Task statement:
The listing below holds a line with "set (r := exp (- h))." and a later line with "Variables (g : R -> R) (L : R).". Write out those two lines and every line between them, exactly, and nothing else.

Record set:

····················

Lemma psum_nonneg f k : (forall m, (m < k)%nat -> 0 <= f m) -> 0 <= psum f k.
Proof.
  induction k as [| k IH]; simpl; intros H; [lra |].
  pose proof (H k (Nat.lt_succ_diag_r k)).
  assert (0 <= psum f k) by (apply IH; intros; apply H; lia). lra.
Qed.

Lemma psum_dist f g k B : (forall m, (m < k)%nat -> Rabs (f m - g m) <= B) ->
  Rabs (psum f k - psum g k) <= INR k * B.
Proof.
  induction k as [| k IH]; cbn [psum]; intros H.
  - rewrite Rminus_0_r, Rabs_R0; simpl; lra.
  - pose proof (H k (Nat.lt_succ_diag_r k)).
    assert (Rabs (psum f k - psum g k) <= INR k * B) by (apply IH; intros; apply H; lia).
    replace (psum f k + f k - (psum g k + g k)) with ((psum f k - psum g k) + (f k - g k)) by ring.
    eapply Rle_trans; [apply Rabs_triang |]. rewrite S_INR. lra.
Qed.

Lemma psum_geom r k : psum (fun j => r ^ j) k * (1 - r) = 1 - r ^ k.
Proof. induction k as [| k IH]; simpl; [| rewrite Rmult_plus_distr_r, IH]; ring. Qed.

(** With ratio [e^{-h}], the geometric sum is at most [2/h] for [0 < h <= 1],
    since [1 - e^{-h} >= h / (1 + h)]. *)
Lemma geometric_exp_sum_le h k : 0 < h -> h <= 1 -> h * psum (fun j => exp (- h) ^ j) k <= 2.
Proof.
  intros Hh0 Hh1.
  set (r := exp (- h)).
  assert (Hr0 : 0 < r) by apply exp_pos.
  assert (Hr : r * (1 + h) <= 1).
  { assert (r * exp h = 1) by (unfold r; rewrite <- exp_plus, Rplus_opp_l; apply exp_0).
    pose proof (exp_ineq1_le h). nra. }
  pose proof (psum_geom r k) as Hgeom.
  assert (0 <= r ^ k) by (apply pow_le; lra).
  assert (0 <= psum (fun j => r ^ j) k) by (apply psum_nonneg; intros; apply pow_le; lra).
  set (S := psum (fun j => r ^ j) k) in *.
  assert (h * S <= (1 + h) * ((1 - r) * S)) by nra.
  nra.
Qed.

Lemma ex_RInt_of_continuous (g : R -> R) (a b : R) : (forall x, continuous g x) -> ex_RInt g a b.
Proof. intros Hg. apply (ex_RInt_continuous (V := R_CompleteNormedModule)); auto. Qed.

Lemma RInt_from_origin_sub (g : R -> R) (a b : R) : (forall x, continuous g x) ->
  RInt g 0 b - RInt g 0 a = RInt g a b.
Proof.
  intros Hg.
  rewrite <- (RInt_Chasles (V := R_CompleteNormedModule) g 0 a b)
    by apply ex_RInt_of_continuous, Hg.
  change (RInt g 0 a + RInt g a b - RInt g 0 a = RInt g a b). ring.
Qed.

Section LeftRiemannSum.

Variables (g : R -> R) (L : R).
Hypothesis g_cont : forall x, continuous g x.
Hypothesis g_lip : forall u v, Rabs (g u - g v) <= L * Rabs (u - v).

Lemma left_rectangle_error a h : 0 <= h -> Rabs (h * g a - RInt g a (a + h)) <= L * h * h.
Proof.
  intros Hh.
  assert (HL : 0 <= L).
  { pose proof (g_lip 1 0). pose proof (Rabs_pos (g 1 - g 0)).
    rewrite Rminus_0_r, Rabs_R1 in *. lra. }
  assert (E : h * g a - RInt g a (a + h) = RInt (fun u => g a - g u) a (a + h)).
  { rewrite (RInt_minus (V := R_CompleteNormedModule) (fun _ => g a) g)
      by (apply ex_RInt_const || apply ex_RInt_of_continuous, g_cont).
    rewrite (RInt_const (V := R_CompleteNormedModule)).
    change (h * g a - RInt g a (a + h) = (a + h - a) * g a - RInt g a (a + h)). ring. }
  rewrite E. replace (L * h * h) with ((a + h - a) * (L * h)) by ring.
  apply abs_RInt_le_const; [lra | |].
  - apply (ex_RInt_minus (V := R_NormedModule)); [apply ex_RInt_const |].
    apply ex_RInt_of_continuous, g_cont.
  - intros t Ht. eapply Rle_trans; [apply g_lip |].
    apply Rmult_le_compat_l; [lra |]. rewrite Rabs_left1; lra.
Qed.

Lemma left_riemann_sum_error h n : 0 <= h ->
  Rabs (h * psum (fun m => g (INR m * h)) n - RInt g 0 (INR n * h)) <= INR n * (L * h * h).
Proof.
  intros Hh. induction n as [| n IH]; cbn [psum].
  - rewrite Rmult_0_l, RInt_point. change (zero : R) with 0.
    rewrite Rmult_0_r, Rminus_0_r, Rabs_R0. simpl; lra.
  - pose proof (RInt_from_origin_sub g (INR n * h) (INR n * h + h) g_cont) as Hchasles.
    pose proof (left_rectangle_error (INR n * h) h Hh).
    replace (INR (S n) * h) with (INR n * h + h) by (rewrite S_INR; ring).
    replace (h * (psum (fun m => g (INR m * h)) n + g (INR n * h)) - RInt g 0 (INR n * h + h))
      with ((h * psum (fun m => g (INR m * h)) n - RInt g 0 (INR n * h))
            + (h * g (INR n * h) - RInt g (INR n * h) (INR n * h + h))) by lra.
    eapply Rle_trans; [apply Rabs_triang |]. rewrite S_INR. lra.
Qed.

End LeftRiemannSum.

Lemma is_lim_seq_between u (l : R) M a b :
  is_lim_seq u l -> (forall k, (M <= k)%nat -> a <= u k <= b) -> a <= l <= b.
Proof.
  intros Hl Hb. apply (is_lim_seq_incr_n u M) in Hl.
  split.
  - apply (is_lim_seq_le (fun _ => a) (fun k => u (k + M)%nat) a l);
      [intros; apply Hb; lia | apply is_lim_seq_const | exact Hl].
  - apply (is_lim_seq_le (fun k => u (k + M)%nat) (fun _ => b) l b);
      [intros; apply Hb; lia | exact Hl | apply is_lim_seq_const].
Qed.

Section ExpTailIntegral.

Variables (g : R -> R) (K0 : R).
Hypothesis g_cont : forall x, continuous g x.
Hypothesis g_nonneg : forall u, 0 <= g u.
Hypothesis g_tail : forall u, K0 <= u -> g u <= exp (- u).

Lemma RInt_increment_nonneg U V : U <= V -> 0 <= RInt g 0 V - RInt g 0 U.
Proof.
  intros HUV. rewrite RInt_from_origin_sub by exact g_cont.
  apply RInt_ge_0; auto. apply ex_RInt_of_continuous, g_cont.
Qed.

Lemma RInt_increment_tail U V : K0 <= U -> U <= V ->
  RInt g 0 V - RInt g 0 U <= exp (- U) - exp (- V).
Proof.
  intros HU HUV. rewrite RInt_from_origin_sub by exact g_cont.
  assert (Hexp_cont : forall x, continuous (fun u => exp (- u)) x).
  { intros x. apply (ex_derive_continuous (V := R_NormedModule)). auto_derive; auto. }
  assert (Hexp : RInt (fun u => exp (- u)) U V = exp (- U) - exp (- V)).
  { apply (is_RInt_unique (V := R_CompleteNormedModule)).
    replace (exp (- U) - exp (- V)) with (minus (- exp (- V)) (- exp (- U)))
      by (unfold minus, plus, opp; simpl; ring).
    apply (is_RInt_derive (V := R_CompleteNormedModule) (fun u => - exp (- u))).
    - intros x _. auto_derive; auto. ring.
    - intros x _. apply Hexp_cont. }
  rewrite <- Hexp. apply RInt_le; auto; try apply ex_RInt_of_continuous; auto.
  intros x Hx. apply g_tail. lra.
Qed.

Lemma improper_integral_exp_tail : exists F : R,
  forall U, K0 <= U -> RInt g 0 U <= F <= RInt g 0 U + exp (- U).
Proof.
  set (G := fun U => RInt g 0 U).
  assert (Hlim : ex_finite_lim_seq (fun k => G (INR k))).
  { apply (ex_finite_lim_seq_incr _ (G K0 + exp (- K0))).
    - intros k. apply Rminus_le_0, RInt_increment_nonneg. rewrite S_INR; lra.
    - intros k. destruct (Rle_or_lt (INR k) K0) as [Hk | Hk].
      + pose proof (RInt_increment_nonneg _ _ Hk). pose proof (exp_pos (- K0)).
        unfold G. lra.
      + pose proof (RInt_increment_tail K0 (INR k) (Rle_refl K0) (Rlt_le _ _ Hk)).
        pose proof (exp_pos (- INR k)). unfold G. lra. }
  destruct Hlim as [F HF]. exists F. intros U HU.
  destruct (nat_above U) as [M HM].
  apply (is_lim_seq_between _ _ M _ _ HF). intros k Hk. apply le_INR in Hk.
  pose proof (RInt_increment_nonneg U (INR k) ltac:(lra)).
  pose proof (RInt_increment_tail U (INR k) HU ltac:(lra)).
  pose proof (exp_pos (- INR k)). unfold G. lra.
Qed.

End ExpTailIntegral.

Lemma is_RInt_half_square_substitution (g : R -> R) (X : R) : (forall x, continuous g x) ->
  is_RInt (fun x => x * g (x * x / 2)) 0 X (RInt g 0 (X * X / 2)).
Proof.
  intros Hg.
  pose proof (is_RInt_comp (V := R_CompleteNormedModule) g (fun x => x * x / 2) (fun x => x) 0 X)
    as H.
  cbv beta in H. replace (0 * 0 / 2) with 0 in H by field.
  apply H; intros x _; [apply Hg |]. split.
  - auto_derive; auto. field.
  - apply (ex_derive_continuous (V := R_NormedModule)). auto_derive; auto.
Qed.

Lemma is_RInt_gen_half_square_substitution (g : R -> R) (K0 F : R) :
  (forall x, continuous g x) ->
  (forall U, K0 <= U -> RInt g 0 U <= F <= RInt g 0 U + exp (- U)) ->
  is_RInt_gen (fun x => x * g (x * x / 2)) (at_point 0) (Rbar_locally p_infty) F.
Proof.
  intros Hg HF P [eps HP].
  destruct (exp_neg_eventually_lt eps (cond_pos eps)) as [M [HM0 HM]].
  set (B := 2 * (Rabs K0 + M) + 1).
  apply (Filter_prod _ _ _ (fun a => a = 0) (fun b => B < b)); [reflexivity | exists B; auto |].
  intros a b -> Hb. exists (RInt g 0 (b * b / 2)).
  split; [apply is_RInt_half_square_substitution, Hg |].
  apply HP.
  pose proof (Rle_abs K0).
  pose proof (Rabs_pos K0).
  assert (HU : Rabs K0 + M <= b * b / 2).
  { unfold B in Hb. assert (b <= b * b) by nra. lra. }
  pose proof (HF (b * b / 2) ltac:(lra)). pose proof (HM (b * b / 2) ltac:(lra)).
  change (Rabs (RInt g 0 (b * b / 2) - F) < eps).
  rewrite Rabs_left1; lra.
Qed.

Lemma gauss_improper_integral s : exists F : R, 0 < F /\
  forall U, Rabs s + 1 <= U -> RInt (gauss s) 0 U <= F <= RInt (gauss s) 0 U + exp (- U).
Proof.
  destruct (improper_integral_exp_tail (gauss s) (Rabs s + 1)) as [F HF].
  - apply gauss_continuous.
  - intros u. left; apply gauss_pos.
  - apply gauss_tail.
  - exists F. split; [| exact HF].
    pose proof (Rabs_pos s).
    assert (0 < RInt (gauss s) 0 (Rabs s + 1)).
    { apply RInt_gt_0; [lra | intros; apply gauss_pos | intros; apply gauss_continuous]. }
    pose proof (HF (Rabs s + 1) (Rle_refl _)). lra.
Qed.

(** [f_0(s)] is the improper integral of [g_s], by the substitution [u = x^2/2]. *)
Lemma f0_eq_gauss_integral s F :
  (forall U, Rabs s + 1 <= U -> RInt (gauss s) 0 U <= F <= RInt (gauss s) 0 U + exp (- U)) ->
  f0 s = F.
Proof.
  intros HF. unfold f0. apply is_RInt_gen_unique.
  apply (is_RInt_gen_ext (fun x => x * gauss s (x * x / 2))).
  - apply filter_forall. intros ab x _. unfold gauss. do 2 f_equal. field.
  - eapply is_RInt_gen_half_square_substitution; [apply gauss_continuous | exact HF].
Qed.

Definition saw_term (N : nat) (z : R) (m : nat) : R := z ^ m * falling_prod N m.

Lemma chiK_partial_psum N z k : chiK_partial N z k = psum (saw_term N z) k.
Proof. induction k as [| k IH]; simpl; [| rewrite IH]; reflexivity. Qed.

(** The relative error [x + s^2 x + 4 x^3] (in units of [h]) of the comparison
    between the [m]-th term and [g_s(m h)], at [x = m h]. *)
Definition rel_err (s x : R) : R := x + s * s * x + 4 * (x * x * x).

Lemma rel_err_nonneg s x : 0 <= x -> 0 <= rel_err s x.
Proof. intros Hx. unfold rel_err. pose proof (Rle_0_sqr s). unfold Rsqr in *. nra. Qed.
(* Let $n,r\in\mathbb N$ with $r<\frac n2$. Then $\tau(\mathfrak Q^{(n,r)})=\frac rn$, $$\tau(\mathfrak P^{(n)}_i\mathfrak Q^{(n,r)})=\frac{r\,(2r-1+(-1)^n)}{4n^2}\quad (i=3,4),\qquad \tau(\mathfrak P^{(n)}_i\mathfrak Q^{(n,r)})=\frac{r\,(4n-2r-1-(-1)^n)}{4n^2}\quad (i=1,2).$$
   Context: $\tau=\frac1n\operatorname{tr}$ is the normalized trace on $M_n(\mathbb C)$. For an invertible Hermitian matrix $X$, $\operatorname{sgn}(X)$ is the unique Hermitian unitary commuting with $X$ with $\operatorname{sgn}(X)X$ positive definite. For $n\in\mathbb N$, $\mathfrak P^{(n)}_1,\dots,\mathfrak P^{(n)}_4\in M_n(\mathbb R)$ denote orthogonal projections (real symmetric idempotent matrices) such that (i) $\mathfrak P^{(n)}_1+\dots+\mathfrak P^{(n)}_4=(2-\frac1n)I_n$; (ii) $\operatorname{rk}\mathfrak P^{(n)}_1=\lfloor\frac n2\rfloor-(-1)^n$ and $\operatorname{rk}\mathfrak P^{(n)}_i=\lfloor\frac n2\rfloor$ for $i=2,3,4$; (iii) the only subspaces of $\mathbb C^n$ invariant under all four matrices are $0$ and $\mathbb C^n$. Such quadruples exist for every $n$, and any two of them are simultaneously unitarily equivalent. For $0\le r\le n$, $\mathfrak Q^{(n,r)}:=\frac12\big(I+\operatorname{sgn}((2r-\frac12)I-n(\mathfrak P^{(n)}_3+\mathfrak P^{(n)}_4))\big)$ (the argument of $\operatorname{sgn}$ is invertible); equivalently, $\mathfrak Q^{(n,r)}$ is the orthogonal projection onto the span of eigenvectors of $\mathfrak P^{(n)}_3+\mathfrak P^{(n)}_4$ for its $r$ smallest eigenvalues. *)

From HB Require Import structures.
From mathcomp Require Import all_boot all_order all_algebra.
Set Implicit Arguments. Unset Strict Implicit. Unset Printing Implicit Defensive.
Import Order.TTheory GRing.Theory Num.Theory.
Local Open Scope ring_scope.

····················

Written solution:
  set (r := exp (- h)).
  assert (Hr0 : 0 < r) by apply exp_pos.
  assert (Hr : r * (1 + h) <= 1).
  { assert (r * exp h = 1) by (unfold r; rewrite <- exp_plus, Rplus_opp_l; apply exp_0).
    pose proof (exp_ineq1_le h). nra. }
  pose proof (psum_geom r k) as Hgeom.
  assert (0 <= r ^ k) by (apply pow_le; lra).
  assert (0 <= psum (fun j => r ^ j) k) by (apply psum_nonneg; intros; apply pow_le; lra).
  set (S := psum (fun j => r ^ j) k) in *.
  assert (h * S <= (1 + h) * ((1 - r) * S)) by nra.
  nra.
Qed.

Lemma ex_RInt_of_continuous (g : R -> R) (a b : R) : (forall x, continuous g x) -> ex_RInt g a b.
Proof. intros Hg. apply (ex_RInt_continuous (V := R_CompleteNormedModule)); auto. Qed.

Lemma RInt_from_origin_sub (g : R -> R) (a b : R) : (forall x, continuous g x) ->
  RInt g 0 b - RInt g 0 a = RInt g a b.
Proof.
  intros Hg.
  rewrite <- (RInt_Chasles (V := R_CompleteNormedModule) g 0 a b)
    by apply ex_RInt_of_continuous, Hg.
  change (RInt g 0 a + RInt g a b - RInt g 0 a = RInt g a b). ring.
Qed.

Section LeftRiemannSum.

Variables (g : R -> R) (L : R).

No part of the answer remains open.